Walter Salles espera um "milagre" para que o seu anunciado longa de ficção baseado em "On the Road" (traduzido no Brasil como "Pé na Estrada"), de Jack Kerouac, se realize.
O cineasta, convidado em 2004 para abraçar um projeto que diretores como Gus van Sant e Jean-Luc Godard não conseguiram levar adiante, já não sabe se ele se concretizará. O brasileiro havia sido escolhido para a tarefa por Francis Ford Coppola, que detém os direitos da obra para o cinema desde 1979, mas que tampouco concluiu o próprio projeto de dirigir a adaptação.
Em San Francisco nesta semana para receber uma homenagem pelo conjunto da obra no principal festival de cinema da cidade, Salles reclamou das dificuldades para realizar uma produção independente como essa -um "road movie" com locações espalhadas pelos Estados Unidos- no país onde o livro, lançado em 1957, guarda o maior número de adoradores.
"Esse filme tem uma história de 50 anos de tentativas. É um pouco um filme Sísifo, em que você nunca tem a certeza de que vai conseguir levar a pedra lá para cima", disse o diretor, em conversa com a Folha.
Por isso mesmo, considerou um "suicídio" a viagem à Califórnia, onde exibiu a outra metade do projeto, um documentário ainda não finalizado que registra a "busca por um filme possível" chamado "À Procura de "On the Road'".
Salles refez a viagem registrada no livro, de costa à costa. Visitou endereços pelos quais Kerouac (1922-1969) passou, entrevistou personagens da geração beatnik ainda vivos ou por ela influenciados.
"Mostrar um filme incompleto sobre Kerouac, a geração beat e "On the Road" em San Francisco é como mostrar um filme incompleto sobre o cinema neorrealista em Roma ou uma obra em andamento sobre a nouvelle vague no Festival de Cannes", comparou.

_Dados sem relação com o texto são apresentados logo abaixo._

Definition Hermite_ring : Prop :=
  forall a b : R, exists d a' b' : R,
    [/\ a = d * a', b = d * b' & forall x, fg_ideal [:: a'; b'] x].

(* Zariski topology on MinSpec R: open sets are MinSpec \ V(S) for S a subset of R *)
Definition minspec_open (U : (R -> Prop) -> Prop) : Prop :=
  exists S : R -> Prop, forall P,
    U P <-> (is_minimal_prime P /\ exists a, S a /\ ~ P a).

Definition minspec_compact : Prop :=
  forall (I : Type) (U : I -> (R -> Prop) -> Prop),
    (forall i, minspec_open (U i)) ->
    (forall P, is_minimal_prime P -> exists i, U i P) ->
    exists (n : nat) (F : nat -> I), forall P, is_minimal_prime P ->
      exists2 k, (k < n)%N & U (F k) P.
End Defs.

(* Write (a, b) = (d) with d = u a + v b, a = a1 d, b = b1 d, and put
   t = 1 - a1 u - b1 v, so that t d = 0.  Compactness of MinSpec R and the
   Bezout property give g with g u^N = 0 lying outside every minimal prime
   that contains u; then x = u + t g still satisfies x a + v b = d, and no
   minimal prime contains both x and v.  If (x, v) = (h) with x = x0 h and
   v = y0 h, the element 1 - (rho x0 + sig y0) kills h, hence lies in every
   minimal prime and is nilpotent, so x0 and y0 are comaximal.  Finally
   d0 = x0 a + y0 b divides a and b (as d = h d0), and a, b factor through d0
   with comaximal cofactors. *)

From mathcomp Require Import all_boot all_algebra.
From mathcomp Require Import boolp classical_sets.
From mathcomp Require Import ring.
Set Implicit Arguments. Unset Strict Implicit. Unset Printing Implicit Defensive.
Import GRing.Theory.
Local Open Scope ring_scope.
Local Open Scope classical_set_scope.

Lemma Zorn_bigcup_nonempty (T : Type) (P : set (set T)) (A0 : set T) :
  P A0 ->
  (forall F : set (set T), F `<=` P -> total_on F subset -> F !=set0 ->
     P (\bigcup_(X in F) X)) ->
  exists A, P A /\ forall B, A `<` B -> ~ P B.
Proof.
move=> PA0 chainP.
pose P' := [set A | A = set0 \/ P A].
have chainP' F : F `<=` P' -> total_on F subset -> P' (\bigcup_(X in F) X).
  move=> FP Ftot; have [neF|emF] := pselect ((F `&` P) !=set0).
    right; have -> : \bigcup_(X in F) X = \bigcup_(X in F `&` P) X.
      apply/seteqP; split=> x [X FX Xx]; last by exists X => //; case: FX.
      by case: (FP X FX) => [E|PX]; [rewrite E in Xx | exists X].
    apply: chainP => //.
    by move=> X Y [FX _] [FY _]; exact: Ftot.
  left; apply/seteqP; split=> x // [X FX Xx]; apply: emF; exists X; split=> //.
  by case: (FP X FX) => // E; rewrite E in Xx.
have [A [A0P Amax]] := Zorn_bigcup chainP'.
have PA : P A.
  case: A0P => // A0E; have [E|neA0] := pselect (A0 = set0).
    by rewrite A0E -E.
  have /set0P[a A0a] : A0 != set0 by apply/eqP.
  exfalso; apply: (Amax A0); last by right.
  by rewrite A0E; split=> // /(_ a A0a).
by exists A; split=> // B AB PB; apply: (Amax B AB); right.
Qed.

O "trabalho em progresso" de Salles foi editado em uma semana, diz, e não deve voltar a ser exibido. Foi uma maneira de "agradecer ao festival [pelo prêmio] e também de me permitir voltar ao material".

Timidez
Os trechos projetados na última quarta-feira, no Festival de Cinema de San Francisco, incluem imagens de arquivo de Kerouac depois de ser atirado à fama com a publicação de "On the Road".
Na TV, o escritor não consegue disfarçar a timidez enquanto conta que datilografou em três semanas as histórias de suas viagens, que duraram sete anos, em um rolo único de papel. "Eu demorei sete anos para escrever sobre uma viagem de três semanas", brinca o apresentador. Kerouac fica ainda mais constrangido.
"Ele não sabia como lidar com essa adoração", conta o empresário do escritor à época, Sterling Lord. "No segundo dia de entrevistas [para divulgar o livro], ele não apareceu." E não era culpa das drogas. "Ele estava atormentado [com a atenção à sua volta]."
Em meio aos depoimentos, Salles se pergunta como deve ser um filme de ficção baseado em "On the Road". Estão lá para responder figuras como Sean Penn, Wim Wenders, Peter Coyote e Johnny Depp.
"Todos temos o filme nas nossas cabeças. Se um dia ele vai corresponder [às expectativas], eu não sei", afirma Depp.
Em uma hora de documentário, Salles parece concordar que se trata de um projeto sagrado, mas que ainda se arrisca a colocar em prática.
"O projeto de ficção é um ponto de interrogação. Hoje, olhando pragmaticamente, a crise do cinema independente de 2009 começa a ficar um pouco menos grave, então é possível que isso permita que o filme exista", diz o cineasta.
"Senão, a busca já terá justificado, já se tornou para mim um fim em si. Se o filme de ficção não acontecer, esse foi um processo de aprendizado tão fértil e interessante que eu já não sentiria dor por isso."
O cineasta afirma decidir até o fim do ano se a ficção acontecerá. Enquanto isso, continua "mergulhado no processo de busca de um filme possível". "A ideia é exaurir essa procura até eu conseguir saber se o filme merece existir ou não."